| Problem statement |
Give back only the lines in the records below from the one with "Lemma horner_lead_approx (R" to the one with "rewrite !normrM (ger0_norm", both inclusive, word for word.

(Collected data entries)
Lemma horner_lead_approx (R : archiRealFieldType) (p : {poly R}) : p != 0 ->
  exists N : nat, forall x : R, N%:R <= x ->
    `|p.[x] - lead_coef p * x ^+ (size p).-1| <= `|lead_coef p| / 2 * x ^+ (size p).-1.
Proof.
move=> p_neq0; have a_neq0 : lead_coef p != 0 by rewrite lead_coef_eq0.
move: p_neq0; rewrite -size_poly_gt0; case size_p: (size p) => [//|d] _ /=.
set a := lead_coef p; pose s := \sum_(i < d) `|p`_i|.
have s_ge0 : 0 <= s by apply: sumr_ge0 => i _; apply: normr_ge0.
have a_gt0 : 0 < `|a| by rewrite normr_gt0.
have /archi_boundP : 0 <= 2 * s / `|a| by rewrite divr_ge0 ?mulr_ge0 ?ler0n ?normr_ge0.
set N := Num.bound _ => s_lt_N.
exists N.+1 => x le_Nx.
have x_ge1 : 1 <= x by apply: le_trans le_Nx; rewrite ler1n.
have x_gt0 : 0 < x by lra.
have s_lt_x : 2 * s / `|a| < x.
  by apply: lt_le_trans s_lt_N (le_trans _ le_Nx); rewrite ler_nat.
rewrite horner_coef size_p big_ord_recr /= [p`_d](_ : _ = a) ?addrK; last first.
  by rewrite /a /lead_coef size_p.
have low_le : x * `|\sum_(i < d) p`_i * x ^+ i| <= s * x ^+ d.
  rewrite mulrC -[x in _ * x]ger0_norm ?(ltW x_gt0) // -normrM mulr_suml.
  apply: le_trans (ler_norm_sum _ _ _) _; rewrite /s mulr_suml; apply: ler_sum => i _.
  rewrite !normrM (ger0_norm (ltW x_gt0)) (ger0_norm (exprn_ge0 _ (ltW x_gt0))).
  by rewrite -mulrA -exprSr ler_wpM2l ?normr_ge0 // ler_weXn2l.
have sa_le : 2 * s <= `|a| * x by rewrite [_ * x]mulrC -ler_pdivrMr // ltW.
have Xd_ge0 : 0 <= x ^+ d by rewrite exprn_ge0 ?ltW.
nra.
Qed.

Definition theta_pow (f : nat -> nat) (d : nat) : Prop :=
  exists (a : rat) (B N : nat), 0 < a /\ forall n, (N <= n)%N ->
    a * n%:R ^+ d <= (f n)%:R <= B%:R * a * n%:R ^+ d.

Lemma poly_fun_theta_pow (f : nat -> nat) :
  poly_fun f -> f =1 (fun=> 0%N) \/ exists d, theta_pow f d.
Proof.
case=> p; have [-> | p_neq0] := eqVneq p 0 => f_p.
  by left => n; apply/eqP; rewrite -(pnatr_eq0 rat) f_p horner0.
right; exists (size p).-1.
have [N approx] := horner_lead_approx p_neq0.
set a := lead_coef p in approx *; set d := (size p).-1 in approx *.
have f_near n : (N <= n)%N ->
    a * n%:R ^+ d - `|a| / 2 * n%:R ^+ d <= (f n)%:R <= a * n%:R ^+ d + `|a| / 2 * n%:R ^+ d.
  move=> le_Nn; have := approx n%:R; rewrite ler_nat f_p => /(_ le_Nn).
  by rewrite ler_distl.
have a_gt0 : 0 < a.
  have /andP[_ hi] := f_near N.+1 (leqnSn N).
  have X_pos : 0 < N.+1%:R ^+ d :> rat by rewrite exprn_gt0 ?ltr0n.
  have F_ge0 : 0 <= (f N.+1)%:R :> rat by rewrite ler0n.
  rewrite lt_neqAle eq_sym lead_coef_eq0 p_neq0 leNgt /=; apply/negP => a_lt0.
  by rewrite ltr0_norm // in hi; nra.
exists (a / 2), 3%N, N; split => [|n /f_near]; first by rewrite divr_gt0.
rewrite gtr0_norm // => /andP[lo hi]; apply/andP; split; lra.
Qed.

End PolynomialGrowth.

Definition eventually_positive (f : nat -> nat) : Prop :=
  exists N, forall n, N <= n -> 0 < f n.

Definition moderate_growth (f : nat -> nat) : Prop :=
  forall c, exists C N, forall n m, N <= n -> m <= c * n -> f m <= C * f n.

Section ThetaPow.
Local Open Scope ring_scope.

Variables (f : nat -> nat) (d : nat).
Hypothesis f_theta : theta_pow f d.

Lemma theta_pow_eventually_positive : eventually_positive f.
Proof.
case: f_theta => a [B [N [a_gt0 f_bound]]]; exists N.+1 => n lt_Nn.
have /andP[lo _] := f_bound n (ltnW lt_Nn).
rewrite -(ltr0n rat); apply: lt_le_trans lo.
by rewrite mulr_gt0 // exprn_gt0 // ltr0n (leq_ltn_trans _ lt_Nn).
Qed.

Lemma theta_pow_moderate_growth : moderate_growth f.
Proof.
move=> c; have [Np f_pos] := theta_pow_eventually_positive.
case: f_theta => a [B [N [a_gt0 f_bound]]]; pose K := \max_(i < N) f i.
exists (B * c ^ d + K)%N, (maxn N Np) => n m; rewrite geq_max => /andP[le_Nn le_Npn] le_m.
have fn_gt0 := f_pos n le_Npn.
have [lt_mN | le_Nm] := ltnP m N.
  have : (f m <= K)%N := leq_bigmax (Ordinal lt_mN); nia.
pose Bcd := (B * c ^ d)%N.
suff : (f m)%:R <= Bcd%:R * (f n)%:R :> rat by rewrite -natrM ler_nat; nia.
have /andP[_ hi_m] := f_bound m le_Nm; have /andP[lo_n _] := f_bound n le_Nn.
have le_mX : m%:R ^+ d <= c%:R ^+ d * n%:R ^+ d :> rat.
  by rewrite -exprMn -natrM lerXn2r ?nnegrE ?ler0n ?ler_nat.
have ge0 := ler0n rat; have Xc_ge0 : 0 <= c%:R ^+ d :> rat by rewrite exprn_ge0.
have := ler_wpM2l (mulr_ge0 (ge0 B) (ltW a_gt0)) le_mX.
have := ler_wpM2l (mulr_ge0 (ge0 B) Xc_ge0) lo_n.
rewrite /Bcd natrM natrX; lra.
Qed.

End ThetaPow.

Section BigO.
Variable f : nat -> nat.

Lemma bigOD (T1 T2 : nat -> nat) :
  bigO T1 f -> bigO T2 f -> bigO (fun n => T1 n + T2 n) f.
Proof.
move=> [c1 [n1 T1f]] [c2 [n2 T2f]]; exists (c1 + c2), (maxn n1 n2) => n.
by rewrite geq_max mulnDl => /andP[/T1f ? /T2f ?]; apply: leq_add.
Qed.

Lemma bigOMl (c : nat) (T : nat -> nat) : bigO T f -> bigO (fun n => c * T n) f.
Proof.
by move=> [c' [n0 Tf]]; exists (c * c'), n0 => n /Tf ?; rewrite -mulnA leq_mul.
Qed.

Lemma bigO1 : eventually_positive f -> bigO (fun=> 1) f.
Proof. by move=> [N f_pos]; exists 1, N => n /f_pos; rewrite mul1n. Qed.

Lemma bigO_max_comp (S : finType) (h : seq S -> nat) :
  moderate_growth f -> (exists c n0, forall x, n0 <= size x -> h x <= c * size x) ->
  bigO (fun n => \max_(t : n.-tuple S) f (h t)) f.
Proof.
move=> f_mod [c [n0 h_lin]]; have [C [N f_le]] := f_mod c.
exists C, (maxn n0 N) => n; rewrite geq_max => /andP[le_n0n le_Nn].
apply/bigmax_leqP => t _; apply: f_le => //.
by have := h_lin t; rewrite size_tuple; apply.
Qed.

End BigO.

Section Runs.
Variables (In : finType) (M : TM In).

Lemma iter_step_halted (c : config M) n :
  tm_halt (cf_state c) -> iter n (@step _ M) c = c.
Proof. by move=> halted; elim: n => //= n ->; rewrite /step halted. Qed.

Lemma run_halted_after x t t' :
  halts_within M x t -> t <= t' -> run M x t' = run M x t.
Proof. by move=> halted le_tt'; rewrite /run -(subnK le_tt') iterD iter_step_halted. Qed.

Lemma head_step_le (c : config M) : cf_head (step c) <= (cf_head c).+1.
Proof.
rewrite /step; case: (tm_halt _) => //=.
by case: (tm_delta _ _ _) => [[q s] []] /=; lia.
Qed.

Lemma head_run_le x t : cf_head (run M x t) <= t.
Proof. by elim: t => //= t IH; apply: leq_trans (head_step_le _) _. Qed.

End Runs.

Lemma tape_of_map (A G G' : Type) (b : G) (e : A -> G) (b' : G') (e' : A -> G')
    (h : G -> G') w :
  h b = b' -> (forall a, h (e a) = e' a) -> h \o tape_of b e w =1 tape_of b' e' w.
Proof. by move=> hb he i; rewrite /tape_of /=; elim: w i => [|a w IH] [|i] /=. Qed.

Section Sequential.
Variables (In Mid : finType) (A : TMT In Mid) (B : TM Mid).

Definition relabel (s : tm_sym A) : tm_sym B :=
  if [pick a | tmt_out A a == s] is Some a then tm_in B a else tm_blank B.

--

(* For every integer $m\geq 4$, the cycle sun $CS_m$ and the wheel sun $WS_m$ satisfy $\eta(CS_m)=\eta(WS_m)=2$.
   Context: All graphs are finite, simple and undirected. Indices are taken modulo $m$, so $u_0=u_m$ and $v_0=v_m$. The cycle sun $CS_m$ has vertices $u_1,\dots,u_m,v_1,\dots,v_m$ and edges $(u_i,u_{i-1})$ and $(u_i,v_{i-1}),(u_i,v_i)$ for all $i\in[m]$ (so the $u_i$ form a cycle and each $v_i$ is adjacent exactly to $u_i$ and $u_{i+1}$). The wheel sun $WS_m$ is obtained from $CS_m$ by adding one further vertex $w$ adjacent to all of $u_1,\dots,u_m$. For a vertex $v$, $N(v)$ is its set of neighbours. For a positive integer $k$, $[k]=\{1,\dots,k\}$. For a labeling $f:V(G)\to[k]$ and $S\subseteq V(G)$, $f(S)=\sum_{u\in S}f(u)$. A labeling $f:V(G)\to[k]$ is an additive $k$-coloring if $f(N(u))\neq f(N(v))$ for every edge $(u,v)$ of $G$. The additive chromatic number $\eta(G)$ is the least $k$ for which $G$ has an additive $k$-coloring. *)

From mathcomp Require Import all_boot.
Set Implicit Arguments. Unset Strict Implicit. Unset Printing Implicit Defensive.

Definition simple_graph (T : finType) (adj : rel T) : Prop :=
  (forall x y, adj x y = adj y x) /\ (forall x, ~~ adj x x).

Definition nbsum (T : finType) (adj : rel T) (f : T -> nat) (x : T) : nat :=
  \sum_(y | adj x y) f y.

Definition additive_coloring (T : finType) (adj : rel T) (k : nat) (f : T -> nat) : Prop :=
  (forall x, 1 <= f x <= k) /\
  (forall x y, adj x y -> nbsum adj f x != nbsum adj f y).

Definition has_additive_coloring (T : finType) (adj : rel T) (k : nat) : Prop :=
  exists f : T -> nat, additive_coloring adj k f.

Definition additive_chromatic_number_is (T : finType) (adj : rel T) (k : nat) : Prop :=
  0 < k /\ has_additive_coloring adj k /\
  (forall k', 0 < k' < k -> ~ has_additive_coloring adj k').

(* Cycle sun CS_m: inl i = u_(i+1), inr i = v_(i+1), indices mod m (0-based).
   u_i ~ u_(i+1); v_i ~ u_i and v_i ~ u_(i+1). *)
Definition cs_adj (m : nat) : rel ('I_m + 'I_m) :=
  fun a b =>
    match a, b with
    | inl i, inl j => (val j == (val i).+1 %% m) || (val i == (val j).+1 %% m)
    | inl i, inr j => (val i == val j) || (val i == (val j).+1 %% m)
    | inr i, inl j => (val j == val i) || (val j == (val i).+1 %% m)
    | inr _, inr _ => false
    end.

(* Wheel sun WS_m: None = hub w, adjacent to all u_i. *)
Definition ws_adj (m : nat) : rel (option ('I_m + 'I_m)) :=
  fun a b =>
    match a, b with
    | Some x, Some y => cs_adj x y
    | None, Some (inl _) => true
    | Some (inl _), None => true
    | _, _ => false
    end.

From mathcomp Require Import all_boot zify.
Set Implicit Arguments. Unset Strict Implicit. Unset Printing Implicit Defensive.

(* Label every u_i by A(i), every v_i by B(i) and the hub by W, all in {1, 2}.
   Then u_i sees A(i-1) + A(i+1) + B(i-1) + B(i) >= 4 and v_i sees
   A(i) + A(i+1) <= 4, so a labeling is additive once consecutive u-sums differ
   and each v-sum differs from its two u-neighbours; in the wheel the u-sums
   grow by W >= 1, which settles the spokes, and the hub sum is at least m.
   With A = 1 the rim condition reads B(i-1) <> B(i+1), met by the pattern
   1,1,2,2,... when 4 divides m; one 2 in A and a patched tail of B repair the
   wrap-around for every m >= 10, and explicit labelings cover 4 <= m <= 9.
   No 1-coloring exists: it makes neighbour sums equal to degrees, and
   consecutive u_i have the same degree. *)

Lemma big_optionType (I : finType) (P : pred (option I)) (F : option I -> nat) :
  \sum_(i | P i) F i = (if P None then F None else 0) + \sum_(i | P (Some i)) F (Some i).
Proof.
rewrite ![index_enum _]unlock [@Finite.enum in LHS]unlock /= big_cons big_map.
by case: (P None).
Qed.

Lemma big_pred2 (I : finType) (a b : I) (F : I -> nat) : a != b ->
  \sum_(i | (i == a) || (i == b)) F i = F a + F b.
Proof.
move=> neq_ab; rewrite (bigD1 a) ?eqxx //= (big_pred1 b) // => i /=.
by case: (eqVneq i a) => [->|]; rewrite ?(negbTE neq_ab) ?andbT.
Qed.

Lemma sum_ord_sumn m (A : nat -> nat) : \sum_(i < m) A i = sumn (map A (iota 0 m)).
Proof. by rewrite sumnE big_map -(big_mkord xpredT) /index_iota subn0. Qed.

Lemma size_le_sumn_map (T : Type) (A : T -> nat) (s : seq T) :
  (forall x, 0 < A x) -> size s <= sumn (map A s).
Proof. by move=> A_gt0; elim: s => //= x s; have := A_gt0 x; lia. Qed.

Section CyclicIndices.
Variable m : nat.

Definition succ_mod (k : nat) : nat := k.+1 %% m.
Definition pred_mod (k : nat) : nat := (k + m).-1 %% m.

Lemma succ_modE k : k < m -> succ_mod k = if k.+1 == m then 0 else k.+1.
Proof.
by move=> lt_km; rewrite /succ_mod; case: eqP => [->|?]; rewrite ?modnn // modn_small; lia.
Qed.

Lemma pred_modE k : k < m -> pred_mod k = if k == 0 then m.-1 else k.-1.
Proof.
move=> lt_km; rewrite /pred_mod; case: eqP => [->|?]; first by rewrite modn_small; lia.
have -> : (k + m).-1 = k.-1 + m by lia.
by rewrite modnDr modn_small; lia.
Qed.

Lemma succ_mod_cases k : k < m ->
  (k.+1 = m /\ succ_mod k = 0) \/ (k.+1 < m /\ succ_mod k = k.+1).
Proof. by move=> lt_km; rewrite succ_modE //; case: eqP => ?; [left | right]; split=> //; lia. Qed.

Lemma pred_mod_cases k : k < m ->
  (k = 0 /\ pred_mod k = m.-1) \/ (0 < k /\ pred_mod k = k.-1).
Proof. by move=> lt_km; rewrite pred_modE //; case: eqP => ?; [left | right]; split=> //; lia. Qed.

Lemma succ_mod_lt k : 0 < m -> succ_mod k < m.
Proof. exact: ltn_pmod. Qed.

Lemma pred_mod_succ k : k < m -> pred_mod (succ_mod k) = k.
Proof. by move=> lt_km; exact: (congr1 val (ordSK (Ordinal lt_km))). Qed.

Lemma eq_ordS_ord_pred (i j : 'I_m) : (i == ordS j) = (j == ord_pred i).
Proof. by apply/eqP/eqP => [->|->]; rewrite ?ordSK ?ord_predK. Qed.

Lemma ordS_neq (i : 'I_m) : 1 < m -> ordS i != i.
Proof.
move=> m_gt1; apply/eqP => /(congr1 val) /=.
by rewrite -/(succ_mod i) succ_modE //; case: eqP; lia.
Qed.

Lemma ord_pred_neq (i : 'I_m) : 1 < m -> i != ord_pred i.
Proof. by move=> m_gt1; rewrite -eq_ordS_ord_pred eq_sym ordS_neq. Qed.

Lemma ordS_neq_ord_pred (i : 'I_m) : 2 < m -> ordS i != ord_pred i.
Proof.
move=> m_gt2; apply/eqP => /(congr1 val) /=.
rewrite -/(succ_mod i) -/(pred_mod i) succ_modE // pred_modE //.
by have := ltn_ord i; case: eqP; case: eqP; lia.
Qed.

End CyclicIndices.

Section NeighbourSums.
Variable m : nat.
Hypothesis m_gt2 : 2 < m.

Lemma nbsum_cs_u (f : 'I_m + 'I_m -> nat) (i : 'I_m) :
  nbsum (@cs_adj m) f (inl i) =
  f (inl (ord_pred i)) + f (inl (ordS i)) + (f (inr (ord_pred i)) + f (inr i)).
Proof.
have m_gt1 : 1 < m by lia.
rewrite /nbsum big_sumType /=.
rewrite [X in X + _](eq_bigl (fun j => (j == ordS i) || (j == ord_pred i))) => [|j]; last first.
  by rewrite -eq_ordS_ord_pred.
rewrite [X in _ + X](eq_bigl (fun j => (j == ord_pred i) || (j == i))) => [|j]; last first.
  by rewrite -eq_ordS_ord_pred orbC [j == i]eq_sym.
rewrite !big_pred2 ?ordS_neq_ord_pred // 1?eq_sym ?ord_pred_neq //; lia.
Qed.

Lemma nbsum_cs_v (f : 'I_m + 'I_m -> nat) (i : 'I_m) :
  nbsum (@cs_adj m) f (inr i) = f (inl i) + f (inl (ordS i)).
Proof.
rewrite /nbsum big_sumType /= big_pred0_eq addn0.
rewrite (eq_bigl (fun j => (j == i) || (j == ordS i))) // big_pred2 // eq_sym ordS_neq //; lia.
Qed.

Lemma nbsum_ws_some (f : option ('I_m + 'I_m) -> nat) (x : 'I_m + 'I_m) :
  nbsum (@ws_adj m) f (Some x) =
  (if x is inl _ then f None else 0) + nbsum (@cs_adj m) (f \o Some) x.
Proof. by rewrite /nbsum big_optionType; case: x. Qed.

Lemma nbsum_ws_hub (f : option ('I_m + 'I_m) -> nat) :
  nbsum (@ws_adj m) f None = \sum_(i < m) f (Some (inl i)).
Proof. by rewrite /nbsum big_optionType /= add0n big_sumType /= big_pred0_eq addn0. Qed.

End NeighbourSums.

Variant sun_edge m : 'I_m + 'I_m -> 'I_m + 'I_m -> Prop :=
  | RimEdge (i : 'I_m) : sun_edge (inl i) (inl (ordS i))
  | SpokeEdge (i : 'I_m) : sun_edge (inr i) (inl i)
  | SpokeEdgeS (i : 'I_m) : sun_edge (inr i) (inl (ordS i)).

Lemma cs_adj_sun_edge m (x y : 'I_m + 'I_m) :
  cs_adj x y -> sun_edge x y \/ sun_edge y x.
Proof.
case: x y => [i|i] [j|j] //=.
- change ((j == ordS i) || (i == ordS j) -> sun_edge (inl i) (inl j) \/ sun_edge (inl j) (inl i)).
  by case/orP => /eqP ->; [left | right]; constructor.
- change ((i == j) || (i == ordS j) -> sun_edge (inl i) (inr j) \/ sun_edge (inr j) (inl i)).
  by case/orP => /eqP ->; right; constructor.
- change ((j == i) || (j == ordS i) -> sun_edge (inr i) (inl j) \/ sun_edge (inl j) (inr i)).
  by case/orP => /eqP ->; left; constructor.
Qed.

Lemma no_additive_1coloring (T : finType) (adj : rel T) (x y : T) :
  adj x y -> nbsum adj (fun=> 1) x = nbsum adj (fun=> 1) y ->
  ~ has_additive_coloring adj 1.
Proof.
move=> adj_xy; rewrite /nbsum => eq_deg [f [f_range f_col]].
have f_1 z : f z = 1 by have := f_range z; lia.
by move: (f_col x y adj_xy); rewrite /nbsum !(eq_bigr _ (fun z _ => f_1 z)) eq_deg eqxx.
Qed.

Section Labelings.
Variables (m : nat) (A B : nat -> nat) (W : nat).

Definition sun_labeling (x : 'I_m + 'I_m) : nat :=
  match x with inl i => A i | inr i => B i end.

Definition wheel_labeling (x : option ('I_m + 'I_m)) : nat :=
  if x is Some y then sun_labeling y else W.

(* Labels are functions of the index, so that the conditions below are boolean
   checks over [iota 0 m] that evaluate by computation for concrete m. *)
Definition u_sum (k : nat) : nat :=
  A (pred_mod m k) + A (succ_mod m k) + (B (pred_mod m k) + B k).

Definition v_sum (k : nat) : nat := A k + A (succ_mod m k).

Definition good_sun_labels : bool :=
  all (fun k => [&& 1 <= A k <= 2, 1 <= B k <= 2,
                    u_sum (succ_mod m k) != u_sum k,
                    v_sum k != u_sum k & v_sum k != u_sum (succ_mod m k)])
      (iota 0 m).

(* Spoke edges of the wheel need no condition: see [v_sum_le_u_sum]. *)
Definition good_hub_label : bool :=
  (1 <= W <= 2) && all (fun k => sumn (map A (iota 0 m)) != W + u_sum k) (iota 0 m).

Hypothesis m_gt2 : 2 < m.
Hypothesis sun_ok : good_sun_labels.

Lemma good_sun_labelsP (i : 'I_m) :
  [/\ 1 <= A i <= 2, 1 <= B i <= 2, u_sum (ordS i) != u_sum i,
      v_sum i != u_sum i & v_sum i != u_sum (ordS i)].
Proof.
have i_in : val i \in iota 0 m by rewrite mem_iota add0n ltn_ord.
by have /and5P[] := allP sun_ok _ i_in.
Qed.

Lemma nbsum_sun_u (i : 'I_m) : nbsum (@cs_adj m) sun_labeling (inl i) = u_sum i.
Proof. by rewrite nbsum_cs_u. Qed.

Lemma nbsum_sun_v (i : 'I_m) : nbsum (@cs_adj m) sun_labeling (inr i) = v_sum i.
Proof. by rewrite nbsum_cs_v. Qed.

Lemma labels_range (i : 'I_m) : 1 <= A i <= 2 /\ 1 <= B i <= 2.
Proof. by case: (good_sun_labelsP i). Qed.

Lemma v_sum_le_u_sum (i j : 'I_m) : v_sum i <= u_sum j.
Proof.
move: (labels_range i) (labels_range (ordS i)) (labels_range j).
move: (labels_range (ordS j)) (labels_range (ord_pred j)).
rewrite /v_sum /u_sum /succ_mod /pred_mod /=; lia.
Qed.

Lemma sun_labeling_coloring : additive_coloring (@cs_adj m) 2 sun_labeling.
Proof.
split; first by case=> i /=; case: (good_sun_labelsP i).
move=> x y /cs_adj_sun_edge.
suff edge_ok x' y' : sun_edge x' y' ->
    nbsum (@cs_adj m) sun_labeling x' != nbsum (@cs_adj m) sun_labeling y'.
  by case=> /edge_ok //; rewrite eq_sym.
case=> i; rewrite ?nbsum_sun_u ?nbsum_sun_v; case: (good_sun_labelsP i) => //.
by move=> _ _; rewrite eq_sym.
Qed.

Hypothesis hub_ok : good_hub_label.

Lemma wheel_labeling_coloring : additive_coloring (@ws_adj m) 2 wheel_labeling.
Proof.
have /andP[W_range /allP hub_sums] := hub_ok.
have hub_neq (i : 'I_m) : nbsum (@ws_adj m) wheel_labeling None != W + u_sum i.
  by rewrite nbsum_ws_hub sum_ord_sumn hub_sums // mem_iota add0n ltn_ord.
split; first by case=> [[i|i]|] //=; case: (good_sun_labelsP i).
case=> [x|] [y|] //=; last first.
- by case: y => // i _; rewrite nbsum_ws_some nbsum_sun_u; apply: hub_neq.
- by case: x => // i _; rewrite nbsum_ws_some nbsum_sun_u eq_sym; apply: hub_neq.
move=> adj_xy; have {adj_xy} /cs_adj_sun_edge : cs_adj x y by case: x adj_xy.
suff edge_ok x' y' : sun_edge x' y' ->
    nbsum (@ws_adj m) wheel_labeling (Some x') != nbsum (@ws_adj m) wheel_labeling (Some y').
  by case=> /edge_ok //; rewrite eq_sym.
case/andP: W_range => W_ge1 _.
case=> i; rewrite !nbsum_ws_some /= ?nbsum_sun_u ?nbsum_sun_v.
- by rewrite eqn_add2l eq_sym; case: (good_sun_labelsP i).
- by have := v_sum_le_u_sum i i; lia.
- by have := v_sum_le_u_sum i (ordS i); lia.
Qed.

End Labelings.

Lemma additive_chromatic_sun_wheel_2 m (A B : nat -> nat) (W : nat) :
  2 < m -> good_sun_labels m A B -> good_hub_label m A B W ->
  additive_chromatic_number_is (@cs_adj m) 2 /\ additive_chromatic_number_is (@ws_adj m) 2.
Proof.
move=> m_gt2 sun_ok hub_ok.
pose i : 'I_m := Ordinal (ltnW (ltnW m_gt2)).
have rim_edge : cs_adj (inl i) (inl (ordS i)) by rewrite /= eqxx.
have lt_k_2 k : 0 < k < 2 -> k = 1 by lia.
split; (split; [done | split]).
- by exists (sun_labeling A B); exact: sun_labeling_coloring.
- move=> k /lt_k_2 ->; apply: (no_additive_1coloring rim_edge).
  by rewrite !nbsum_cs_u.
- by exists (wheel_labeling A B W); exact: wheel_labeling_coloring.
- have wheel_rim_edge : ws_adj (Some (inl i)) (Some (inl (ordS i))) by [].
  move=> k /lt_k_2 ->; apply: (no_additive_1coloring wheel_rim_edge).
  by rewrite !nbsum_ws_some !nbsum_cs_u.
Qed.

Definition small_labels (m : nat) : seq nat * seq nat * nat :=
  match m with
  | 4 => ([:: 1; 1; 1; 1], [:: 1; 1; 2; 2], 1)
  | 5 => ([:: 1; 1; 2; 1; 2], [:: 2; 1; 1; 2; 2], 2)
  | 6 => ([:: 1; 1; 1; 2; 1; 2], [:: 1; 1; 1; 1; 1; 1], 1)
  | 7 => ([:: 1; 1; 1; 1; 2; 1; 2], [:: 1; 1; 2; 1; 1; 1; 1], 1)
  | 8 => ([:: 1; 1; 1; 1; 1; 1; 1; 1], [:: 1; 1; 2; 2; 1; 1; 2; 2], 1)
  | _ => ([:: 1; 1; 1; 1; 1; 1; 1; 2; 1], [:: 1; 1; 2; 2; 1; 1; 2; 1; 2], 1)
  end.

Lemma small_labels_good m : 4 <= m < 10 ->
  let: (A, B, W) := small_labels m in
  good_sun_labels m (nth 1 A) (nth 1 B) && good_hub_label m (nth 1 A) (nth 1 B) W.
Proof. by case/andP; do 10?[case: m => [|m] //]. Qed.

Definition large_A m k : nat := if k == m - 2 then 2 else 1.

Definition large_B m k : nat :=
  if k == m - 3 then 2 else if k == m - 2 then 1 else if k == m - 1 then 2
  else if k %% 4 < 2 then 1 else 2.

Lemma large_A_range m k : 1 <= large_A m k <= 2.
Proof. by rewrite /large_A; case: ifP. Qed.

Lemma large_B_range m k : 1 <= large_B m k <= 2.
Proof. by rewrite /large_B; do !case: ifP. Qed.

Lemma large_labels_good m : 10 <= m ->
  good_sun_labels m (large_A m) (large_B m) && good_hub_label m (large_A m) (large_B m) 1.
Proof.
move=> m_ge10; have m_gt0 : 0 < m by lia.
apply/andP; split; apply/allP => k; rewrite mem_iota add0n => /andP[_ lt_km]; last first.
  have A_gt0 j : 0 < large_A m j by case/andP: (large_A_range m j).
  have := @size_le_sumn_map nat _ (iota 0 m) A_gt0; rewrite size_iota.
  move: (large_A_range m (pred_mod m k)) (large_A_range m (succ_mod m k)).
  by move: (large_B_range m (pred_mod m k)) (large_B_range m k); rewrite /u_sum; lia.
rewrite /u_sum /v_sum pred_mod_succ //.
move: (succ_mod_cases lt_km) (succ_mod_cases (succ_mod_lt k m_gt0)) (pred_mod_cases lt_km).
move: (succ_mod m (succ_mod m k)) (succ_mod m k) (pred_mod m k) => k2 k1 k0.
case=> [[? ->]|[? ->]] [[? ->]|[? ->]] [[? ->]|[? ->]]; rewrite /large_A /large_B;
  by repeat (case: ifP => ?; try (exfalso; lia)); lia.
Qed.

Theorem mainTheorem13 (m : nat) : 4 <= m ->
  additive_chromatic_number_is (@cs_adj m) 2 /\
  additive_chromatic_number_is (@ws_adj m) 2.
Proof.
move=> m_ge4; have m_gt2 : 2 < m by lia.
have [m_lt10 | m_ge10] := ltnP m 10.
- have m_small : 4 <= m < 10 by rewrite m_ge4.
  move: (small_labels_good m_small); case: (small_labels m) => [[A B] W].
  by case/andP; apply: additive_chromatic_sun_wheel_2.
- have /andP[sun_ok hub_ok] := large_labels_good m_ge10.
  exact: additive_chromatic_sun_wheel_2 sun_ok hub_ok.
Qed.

| Written solution |
Lemma horner_lead_approx (R : archiRealFieldType) (p : {poly R}) : p != 0 ->
  exists N : nat, forall x : R, N%:R <= x ->
    `|p.[x] - lead_coef p * x ^+ (size p).-1| <= `|lead_coef p| / 2 * x ^+ (size p).-1.
Proof.
move=> p_neq0; have a_neq0 : lead_coef p != 0 by rewrite lead_coef_eq0.
move: p_neq0; rewrite -size_poly_gt0; case size_p: (size p) => [//|d] _ /=.
set a := lead_coef p; pose s := \sum_(i < d) `|p`_i|.
have s_ge0 : 0 <= s by apply: sumr_ge0 => i _; apply: normr_ge0.
have a_gt0 : 0 < `|a| by rewrite normr_gt0.
have /archi_boundP : 0 <= 2 * s / `|a| by rewrite divr_ge0 ?mulr_ge0 ?ler0n ?normr_ge0.
set N := Num.bound _ => s_lt_N.
exists N.+1 => x le_Nx.
have x_ge1 : 1 <= x by apply: le_trans le_Nx; rewrite ler1n.
have x_gt0 : 0 < x by lra.
have s_lt_x : 2 * s / `|a| < x.
  by apply: lt_le_trans s_lt_N (le_trans _ le_Nx); rewrite ler_nat.
rewrite horner_coef size_p big_ord_recr /= [p`_d](_ : _ = a) ?addrK; last first.
  by rewrite /a /lead_coef size_p.
have low_le : x * `|\sum_(i < d) p`_i * x ^+ i| <= s * x ^+ d.
  rewrite mulrC -[x in _ * x]ger0_norm ?(ltW x_gt0) // -normrM mulr_suml.
  apply: le_trans (ler_norm_sum _ _ _) _; rewrite /s mulr_suml; apply: ler_sum => i _.
  rewrite !normrM (ger0_norm (ltW x_gt0)) (ger0_norm (exprn_ge0 _ (ltW x_gt0))).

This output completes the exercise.